NZ Super no deal breaker, say experts
The chasm between the superannuation policies of National and NZ First is wide, but pensions experts believe it can be bridged.
National leader Bill English pledged in March that, should he retain the position of prime minister, he would lift the age at which people become eligible for NZ Super to 67.
NZ First is the self-styled defender of the government pension, and its leader, Winston Peters, is committed to universal superannuation at age 65.
But one superannuation commentator believed National would be willing to put the rise to age 67 on hold in return for being able to retain power.
Michael Littlewood could also see the two parties doing a deal to make it harder for immigrants to qualify for NZ Super.
‘‘It is significant that the changes that National announced [in March] were not legislated. I have had the distinct impression that there was one eye on the election, and that National would be dealing with NZ First,’’ said Littlewood, who recently retired from the University of Auckland’s Retirement Policy and Research Centre.
Rather than die in a ditch over the policy of raising the age of eligibility of NZ Super gradually to 67 by 2040, which would effect nobody born before 1974, there may have been a tactical element to announcing the policy well before the general election.
‘‘It was something they could concede,’’ Littlewood said.
He saw common ground between the two parties on making immigrants wait longer to qualify for full NZ Super. National proposed to double the residency requirements so that applicants must have lived in New Zealand for 20 years, with five of those after the age of 50, to get it.
NZ First had already proposed to raise the minimum residency requirement for full NZ Super from 10 to 25 years after age 20.
There was a key difference, however. National’s plan excluded current residents or citizens, many of whom live in Australia, while NZ First believes the entitlement should be earned through residency in New Zealand.
‘‘NZ Super will not be affordable if mass immigration continues and present migrant access to Super does not change,’’ Peters told Grey Power members in Dargaville in July.

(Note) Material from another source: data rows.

(* Let $n\ge 2$ be an integer and $\alpha>1$. There exists a weighted graph $G=(\{0,\dots,n-1\},w)$ with $\mathrm{cdim}_\alpha(G)=\binom n2$.
   Context: A weighted graph $G=(V,w)$ assigns a nonnegative weight to each unordered pair of distinct vertices; its edge set is $E=\{e:w(e)>0\}$. For $\emptyset\ne X\subsetneq V$, $\Delta(X)$ is the set of edges with exactly one endpoint in $X$, of weight $w(\Delta(X))$ equal to the sum of their weights; $\lambda$ is the minimum cut weight. For $\alpha\ge1$, an $\alpha$-near-mincut is a cut of weight at most $\alpha\lambda$, $\mathcal{M}_\alpha(G)$ is the set of these, $\chi(S)\in\{0,1\}^{|E|}$ is the characteristic vector of $S$ indexed by $E$, and $\mathrm{cdim}_\alpha(G)=\dim\,\mathrm{span}\{\chi(S):S\in\mathcal{M}_\alpha(G)\}$. *)

From HB Require Import structures.
From mathcomp Require Import all_boot all_order all_algebra.
From mathcomp Require Import reals.
Set Implicit Arguments. Unset Strict Implicit. Unset Printing Implicit Defensive.
Import Order.TTheory GRing.Theory Num.Theory.
Local Open Scope ring_scope.

Section CutDim.
Variables (R : realType) (n : nat) (w : 'I_n -> 'I_n -> R).

(* A weighted graph on V = 'I_n is a symmetric nonnegative weight function;
   unordered pair {i,j} is represented by (i,j) with i < j. *)
Definition is_weighted_graph : Prop :=
  (forall i j, w i j = w j i) /\ (forall i j, 0 <= w i j).

Definition edges : {set 'I_n * 'I_n} :=
  [set e : 'I_n * 'I_n | (e.1 < e.2)%N && (0 < w e.1 e.2)].

Definition cut (X : {set 'I_n}) : {set 'I_n * 'I_n} :=
  [set e in edges | (e.1 \in X) != (e.2 \in X)].

Definition cut_weight (X : {set 'I_n}) : R := \sum_(e in cut X) w e.1 e.2.

Definition proper_nonempty (X : {set 'I_n}) : bool := (X != set0) && (X != setT).

(* lambda = minimum cut weight over nonempty proper X; the default value
   (total edge weight) is an upper bound of all cut weights. *)
Definition mincut : R :=
  \big[Num.min/(\sum_(e in edges) w e.1 e.2)]_(X | proper_nonempty X) cut_weight X.

Definition near_mincut (alpha : R) (X : {set 'I_n}) : bool :=
  proper_nonempty X && (cut_weight X <= alpha * mincut).

Definition chi (X : {set 'I_n}) : 'rV[R]_#|edges| :=
  \row_(k < #|edges|) (if enum_val k \in cut X then 1 else 0).

Definition cdim (alpha : R) : nat :=
  \rank (\sum_(X | near_mincut alpha X) <<chi X>>)%MS.

End CutDim.

From mathcomp Require Import all_boot all_order all_algebra.
From mathcomp Require Import reals.
From mathcomp Require Import zify lra.
Import Order.TTheory GRing.Theory Num.Theory.
Set Implicit Arguments. Unset Strict Implicit. Unset Printing Implicit Defensive.
Local Open Scope ring_scope.

(* The witness graph on V = {0, ..., n-1} is the n-cycle (weight 1 on the
   pairs {i, i+1 mod n}) plus a small weight eps > 0 on every pair.
   - Every pair carries positive weight, so E is the set of all C(n,2) pairs
     and the cut weight of X is eps*|X|*|V\X| plus the number of cycle edges
     leaving X or entering X.
   - A nonempty proper X is left and entered by at least one cycle edge, so
     lambda >= 2; a cyclic interval is left and entered by at most one, so its
     cut weight is at most eps*n^2 + 2.  Choosing eps*n^2 = alpha - 1 makes
     every interval cut an alpha-near-mincut (alpha + 1 <= 2 alpha).
   - The characteristic vector of a single pair {x,y} (x < y) is an explicit
     combination of the cuts of the intervals [x+1,y], [x,y-1], [x,y] and
     [x+1,y-1], so the near-mincut vectors span the whole space R^E and
     cdim_alpha = |E| = C(n,2). *)

Section Cuts.
Variables (R : realType) (n : nat) (w : 'I_n -> 'I_n -> R).

Lemma mem_cut (X : {set 'I_n}) (e : 'I_n * 'I_n) : e \in edges w ->
  (e \in cut w X) = ((e.1 \in X) != (e.2 \in X)).
Proof. by move=> e_edge; rewrite /cut inE e_edge. Qed.

(* Any cut weighs at most the total weight: the default value of [mincut]
   is therefore harmless. *)
Lemma cut_weight_le_total (X : {set 'I_n}) : (forall i j, 0 <= w i j) ->
  cut_weight w X <= \sum_(e in edges w) w e.1 e.2.
Proof.
move=> w_ge0; rewrite [X in _ <= X](big_setID (cut w X)) /=.
have /setIidPr -> : cut w X \subset edges w by apply/subsetP => e; rewrite inE => /andP[].
by rewrite /cut_weight lerDl; apply: sumr_ge0 => e _.
Qed.

Lemma mincut_ge (c : R) (X0 : {set 'I_n}) : (forall i j, 0 <= w i j) ->
  proper_nonempty X0 ->
  (forall X, proper_nonempty X -> c <= cut_weight w X) -> c <= mincut w.
Proof.
move=> w_ge0 X0_proper c_le; rewrite /mincut.
apply: (big_ind (fun x => c <= x)) => [|x y cx cy|//].
- exact: le_trans (c_le _ X0_proper) (cut_weight_le_total _ w_ge0).
- by rewrite le_min cx cy.
Qed.

Lemma cut_weight_double_sum (X : {set 'I_n}) :
  (forall i j, 0 < w i j) -> (forall i j, w i j = w j i) ->
  cut_weight w X = \sum_(i in X) \sum_(j in ~: X) w i j.
Proof.
move=> w_gt0 w_sym; rewrite pair_big /= /cut_weight /cut /edges !big_mkcond /=.
transitivity (\sum_(e : 'I_n * 'I_n)
   ((if (e.1 < e.2)%N && (e.1 \in X) && (e.2 \notin X) then w e.1 e.2 else 0)
  + (if (e.1 < e.2)%N && (e.2 \in X) && (e.1 \notin X) then w e.2 e.1 else 0))).
  apply: eq_bigr => [[x y]] _ /=; rewrite !inE /= w_gt0 (w_sym y x) andbT.
  by case: (x < y)%N; case: (x \in X); case: (y \in X); rewrite /= ?addr0 ?add0r.
have swap_inj : injective (fun p : 'I_n * 'I_n => (p.2, p.1)).
  by move=> [a b] [c d] /= [-> ->].
rewrite big_split /= [X in _ + X = _](reindex_inj swap_inj) -big_split /=.
rewrite [RHS]big_mkcond; apply: eq_bigr => [[x y]] _ /=; rewrite !inE.
case: (ltngtP x y) => [_|_|/val_inj ->];
  by case: (x \in X); case: (y \in X); rewrite /= ?andbF ?addr0 ?add0r.
Qed.

Lemma chi_trivial (X : {set 'I_n}) : ~~ proper_nonempty X -> chi w X = 0.
Proof.
rewrite negb_and !negbK => X_triv; apply/rowP => k; rewrite !mxE /cut inE.
by case/orP: X_triv => /eqP ->; rewrite !inE ?andbF.
Qed.

Lemma cdim_full (alpha : R) :
  (forall k, (('e_k : 'rV_#|edges w|)
               <= \sum_(X | near_mincut w alpha X) <<chi w X>>)%MS) ->
  cdim w alpha = #|edges w|.
Proof.
move=> span_unit; apply/eqP; rewrite -/(row_full _) -sub1mx.
by apply/row_subP => k; rewrite row1.
Qed.

End Cuts.

Section Cycle.
Variable n : nat.

Definition leaving (X : {set 'I_n}) : {set 'I_n} := [set i in X | @ordS n i \notin X].

Definition interval (a b : nat) : {set 'I_n} := [set k : 'I_n | (a <= k <= b)%N].

Lemma val_iter_ordS (i : 'I_n) (k : nat) : val (iter k (@ordS n) i) = ((i + k) %% n)%N.
Proof.
elim: k => [|k IHk] /=; first by rewrite addn0 modn_small.
by rewrite IHk addnS -addn1 modnDml addn1.
Qed.

Lemma val_ordS (i : 'I_n) : val (@ordS n i) = (if (i.+1 < n)%N then i.+1 else 0%N).
Proof.
rewrite /=; case: ltnP => [/modn_small -> //|le_n_Si].
have -> : i.+1 = n by have := ltn_ord i; lia.
by rewrite modnn.
Qed.

Lemma ordS_closed_full (X : {set 'I_n}) (i0 : 'I_n) : i0 \in X ->
  (forall i, i \in X -> @ordS n i \in X) -> X = setT.
Proof.
move=> i0X X_closed; apply/setP => j; rewrite inE.
have iter_in k : iter k (@ordS n) i0 \in X by elim: k => //= k; apply: X_closed.
suff -> : j = iter (j + n - i0)%N (@ordS n) i0 by exact: iter_in.
apply: val_inj; rewrite val_iter_ordS.
have -> : (i0 + (j + n - i0) = j + n)%N by have := ltn_ord i0; lia.
by rewrite modnDr modn_small.
Qed.

Lemma leaving_proper (X : {set 'I_n}) : proper_nonempty X -> (0 < #|leaving X|)%N.
Proof.
case/andP=> /set0Pn[i0 i0X] X_not_full; rewrite card_gt0.
apply: contra X_not_full => /eqP leaving0; apply/eqP/(ordS_closed_full i0X) => i iX.
apply: contraT => Si_out.
have : i \in leaving X by rewrite inE iX.
by rewrite leaving0 inE.
Qed.

Lemma proper_setC (X : {set 'I_n}) : proper_nonempty X -> proper_nonempty (~: X).
Proof.
case/andP=> X0 XT; apply/andP; split.
- by apply: contra XT => /eqP/(congr1 (@setC _)); rewrite setCK setC0 => ->.
- by apply: contra X0 => /eqP/(congr1 (@setC _)); rewrite setCK setCT => ->.
Qed.

Lemma leaving_interval (a b : nat) : (#|leaving (interval a b)| <= 1)%N.
Proof.
apply/card_le1_eqP => i j; rewrite !inE => /andP[iI iS] /andP[jI jS]; apply/val_inj.
move: iS jS; rewrite !val_ordS; have := ltn_ord i; have := ltn_ord j.
by case: ifP; case: ifP => /= Sj_lt_n Si_lt_n j_lt_n i_lt_n iS jS; lia.
Qed.

Lemma entering_interval (a b : nat) : (#|leaving (~: interval a b)| <= 1)%N.
Proof.
apply/card_le1_eqP => i j; rewrite !inE negbK => /andP[iI iS] /andP[jI jS].
apply/val_inj; move: iS jS; rewrite !val_ordS; have := ltn_ord i; have := ltn_ord j.
by case: ifP; case: ifP => /= Sj_lt_n Si_lt_n j_lt_n i_lt_n iS jS; lia.
Qed.

End Cycle.

Lemma card_ordered_pairs (n : nat) :
  #|[set e : 'I_n * 'I_n | (e.1 < e.2)%N]| = 'C(n, 2).
Proof.
rewrite -sum1_card big_mkcond /=.
rewrite (eq_bigr (fun e : 'I_n * 'I_n => ((e.1 < e.2)%N : nat))); last first.
  by move=> e _; rewrite inE; case: (_ < _)%N.
rewrite -(pair_bigA _ (fun i j : 'I_n => ((i < j)%N : nat))) /= exchange_big /=.
rewrite (eq_bigr (fun j : 'I_n => val j)); last first.
  move=> j _; rewrite -(big_mkord xpredT (fun i => ((i < j)%N : nat))).
  rewrite (big_cat_nat (leq0n j) (ltnW (ltn_ord j))) /=.
  rewrite (@eq_big_nat _ _ _ 0 j _ (fun _ => 1%N)); last by move=> i /andP[_ ->].
  rewrite (@eq_big_nat _ _ _ j n _ (fun _ => 0%N)); last first.
    by move=> i /andP[j_le_i _]; rewrite ltnNge j_le_i.
  by rewrite !sum_nat_const_nat muln0 muln1 addn0 subn0.
by rewrite -(big_mkord xpredT (fun j => j)) bin2_sum.
Qed.

Lemma sum_indicator (R : pzSemiRingType) (T : finType) (A : {pred T}) (P : pred T) :
  \sum_(i in A) (P i : nat)%:R = #|[set i in A | P i]|%:R :> R.
Proof. by rewrite -natr_sum -sum1dep_card big_mkcondr. Qed.

Lemma sum_delta (R : pzSemiRingType) (T : finType) (A : {pred T}) (c : T) :
  \sum_(j in A) (c == j : nat)%:R = (c \in A : nat)%:R :> R.
Proof.
rewrite big_mkcond (bigD1 c) //= eqxx big1 ?addr0 => [|j /negbTE]; first by case: (c \in A).
by rewrite eq_sym => ->; case: (j \in A).
Qed.

(* Which of the four intervals [x+1,y], [x,y-1], [x,y], [x+1,y-1] separate
   the endpoints of a pair u < v: the first two do so twice more in total than
   the last two exactly when {u,v} = {x,y}. *)
Lemma interval_separation_count (u v x y : nat) : (u < v)%N -> (x < y)%N ->
  (((x.+1 <= u <= y) != (x.+1 <= v <= y)) + ((x <= u <= y.-1) != (x <= v <= y.-1))
  = ((x <= u <= y) != (x <= v <= y)) + ((x.+1 <= u <= y.-1) != (x.+1 <= v <= y.-1))
    + 2 * ((u == x) && (v == y)))%N.
Proof. by move=> u_lt_v x_lt_y; lia. Qed.

Section CycleWeight.
Variables (R : realType) (n : nat) (eps : R).
Hypothesis eps_gt0 : 0 < eps.

Definition cycle_weight (i j : 'I_n) : R :=
  eps + ((@ordS n i == j) + (@ordS n j == i))%N%:R.

Lemma cycle_weight_sym (i j : 'I_n) : cycle_weight i j = cycle_weight j i.
Proof. by rewrite /cycle_weight addnC. Qed.

Lemma cycle_weight_gt0 (i j : 'I_n) : 0 < cycle_weight i j.
Proof. by rewrite /cycle_weight ltr_wpDr // ler0n. Qed.

Lemma cycle_weight_graph : is_weighted_graph cycle_weight.
Proof. by split => i j; [exact: cycle_weight_sym | exact/ltW/cycle_weight_gt0]. Qed.

Lemma edges_cycle_weight : edges cycle_weight = [set e : 'I_n * 'I_n | (e.1 < e.2)%N].
Proof. by apply/setP => e; rewrite !inE cycle_weight_gt0 andbT. Qed.

Lemma cut_weight_cycle (X : {set 'I_n}) :
  cut_weight cycle_weight X =
  eps *+ (#|~: X| * #|X|) + (#|leaving X| + #|leaving (~: X)|)%:R.
Proof.
rewrite (cut_weight_double_sum _ cycle_weight_gt0 cycle_weight_sym) /cycle_weight.
under eq_bigr => i _ do under eq_bigr => j _ do rewrite natrD addrA.
under eq_bigr => i _ do rewrite !big_split /= sumr_const sum_delta.
rewrite !big_split /= sumr_const -mulrnA exchange_big /= -addrA natrD.
congr (_ + (_ + _)); rewrite -sum_indicator; apply: eq_bigr => i _.
- by rewrite inE.
- by rewrite sum_delta !inE negbK.
Qed.

(* A proper cut crosses the cycle at least twice. *)
Lemma cut_weight_cycle_ge2 (X : {set 'I_n}) :
  proper_nonempty X -> 2 <= cut_weight cycle_weight X.
Proof.
move=> X_proper; rewrite cut_weight_cycle.
have crossings : (2 <= #|leaving X| + #|leaving (~: X)|)%N.
  by have := leaving_proper X_proper; have := leaving_proper (proper_setC X_proper); lia.
have eps_term : 0 <= eps *+ (#|~: X| * #|X|) by rewrite mulrn_wge0 // ltW.
rewrite -(ler_nat R) in crossings; lra.
Qed.

(* Hence lambda >= 2, witnessed on the proper set {0} for the default value. *)
Lemma mincut_cycle_ge2 : (2 <= n)%N -> 2 <= mincut cycle_weight.
Proof.
move=> n_ge2; apply: (@mincut_ge _ _ _ _ (interval n 0 0)).
- by move=> i j; exact/ltW/cycle_weight_gt0.
- apply/andP; split.
  + by apply/set0Pn; exists (Ordinal (ltn_trans (ltnSn 0) n_ge2)); rewrite inE.
  + apply/negP => /eqP full.
    by have := in_setT (Ordinal n_ge2); rewrite -full inE.
- exact: cut_weight_cycle_ge2.
Qed.

(* A cyclic interval crosses the cycle at most twice. *)
Lemma cut_weight_interval_le (a b : nat) :
  cut_weight cycle_weight (interval n a b) <= eps *+ (n * n) + 2.
Proof.
rewrite cut_weight_cycle lerD //.
- apply: ler_wpMn2l; first exact: ltW.
  by apply: leq_mul; apply: leq_trans (max_card _) _; rewrite card_ord.
- have := leaving_interval n a b; have := entering_interval n a b.
  by rewrite ler_nat; lia.
Qed.

Lemma unit_vector_interval_cuts (k : 'I_#|edges cycle_weight|) (x y : 'I_n) :
  enum_val k = (x, y) ->
  'e_k = 2^-1 *: (chi cycle_weight (interval n x.+1 y)
                  + chi cycle_weight (interval n x y.-1)
                  - (chi cycle_weight (interval n x y)
                     + chi cycle_weight (interval n x.+1 y.-1))).
Proof.
move=> k_xy.
have ordered (m : 'I_#|edges cycle_weight|) (u v : 'I_n) :
    enum_val m = (u, v) -> (u < v)%N.
  by move=> m_uv; have := enum_valP m; rewrite m_uv edges_cycle_weight inE.
apply/rowP => m; rewrite !mxE !(mem_cut _ (enum_valP m)).
have x_lt_y := ordered _ _ _ k_xy.
case m_uv: (enum_val m) => [u v]; have u_lt_v := ordered _ _ _ m_uv.
have -> : (m == k) = (u == x) && (v == y).
  by rewrite -(inj_eq enum_val_inj) m_uv k_xy xpair_eqE.
have bool_natr (b : bool) : (if b then 1 else 0) = b%:R :> R by case: b.
rewrite !inE /= !bool_natr -!val_eqE /=.
have := congr1 (fun t : nat => t%:R : R) (interval_separation_count u_lt_v x_lt_y).
by rewrite !natrD /= => count; lra.
Qed.

End CycleWeight.

Theorem mainTheorem18 (R : realType) (n : nat) (alpha : R) :
  (2 <= n)%N -> 1 < alpha ->
  exists w : 'I_n -> 'I_n -> R,
    is_weighted_graph w /\ cdim w alpha = 'C(n, 2).
Proof.
move=> n_ge2 alpha_gt1.
pose eps := (alpha - 1) / (n * n)%:R.
have nn_gt0 : 0 < (n * n)%:R :> R by rewrite ltr0n muln_gt0; apply/andP; split; lia.
have eps_gt0 : 0 < eps by rewrite divr_gt0 ?subr_gt0.
have eps_nn : eps *+ (n * n) = alpha - 1 by rewrite -mulr_natr divfK // gt_eqF.
pose w := @cycle_weight R n eps.
exists w; split; first exact: cycle_weight_graph.
rewrite -card_ordered_pairs -(edges_cycle_weight n eps_gt0); apply: cdim_full => k.
set S := (\sum_(X | _) _)%MS.
(* Interval cuts are alpha-near-mincuts: eps n^2 + 2 = alpha + 1 <= 2 alpha. *)
have interval_in_S a b : (chi w (interval n a b) <= S)%MS.
  have [proper|/chi_trivial->] := boolP (proper_nonempty (interval n a b));
    last exact: sub0mx.
  apply: (sumsmx_sup (interval n a b)); last by rewrite genmxE.
  have := cut_weight_interval_le n eps_gt0 a b; rewrite eps_nn => cut_le.
  have := ler_wpM2l (ltW (lt_trans ltr01 alpha_gt1)) (mincut_cycle_ge2 eps_gt0 n_ge2).
  by rewrite /near_mincut proper /= => mincut_ge; lra.
case k_xy: (enum_val k) => [x y]; rewrite (unit_vector_interval_cuts eps_gt0 k_xy).
by rewrite scalemx_sub // addmx_sub ?eqmx_opp // addmx_sub.
Qed.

Another pensions campaigner, Susan St John, believed the parties could strike a deal, and hoped it would end some deep unfairnesses in the system.
She said lengthening the residency requirements could pave the way to the repeal of section 70 of the Social Security Act, under which people with overseas pensions have their NZ Super payments reduced.
With an ageing population and more than half a million Kiwis in Australia, some like St John believed it was time for a 25-year residency rule to manage the scheme’s future cost.
‘‘It would be really positive to push up the residency [requirement] to 25 years, and to get rid of section 70,’’ St John said.
Peters would not disclose what he was taking to the negotiating table with National. ‘‘If I’m going to the negotiating table to talk about things why would I tell you?’’ he told reporters yesterday.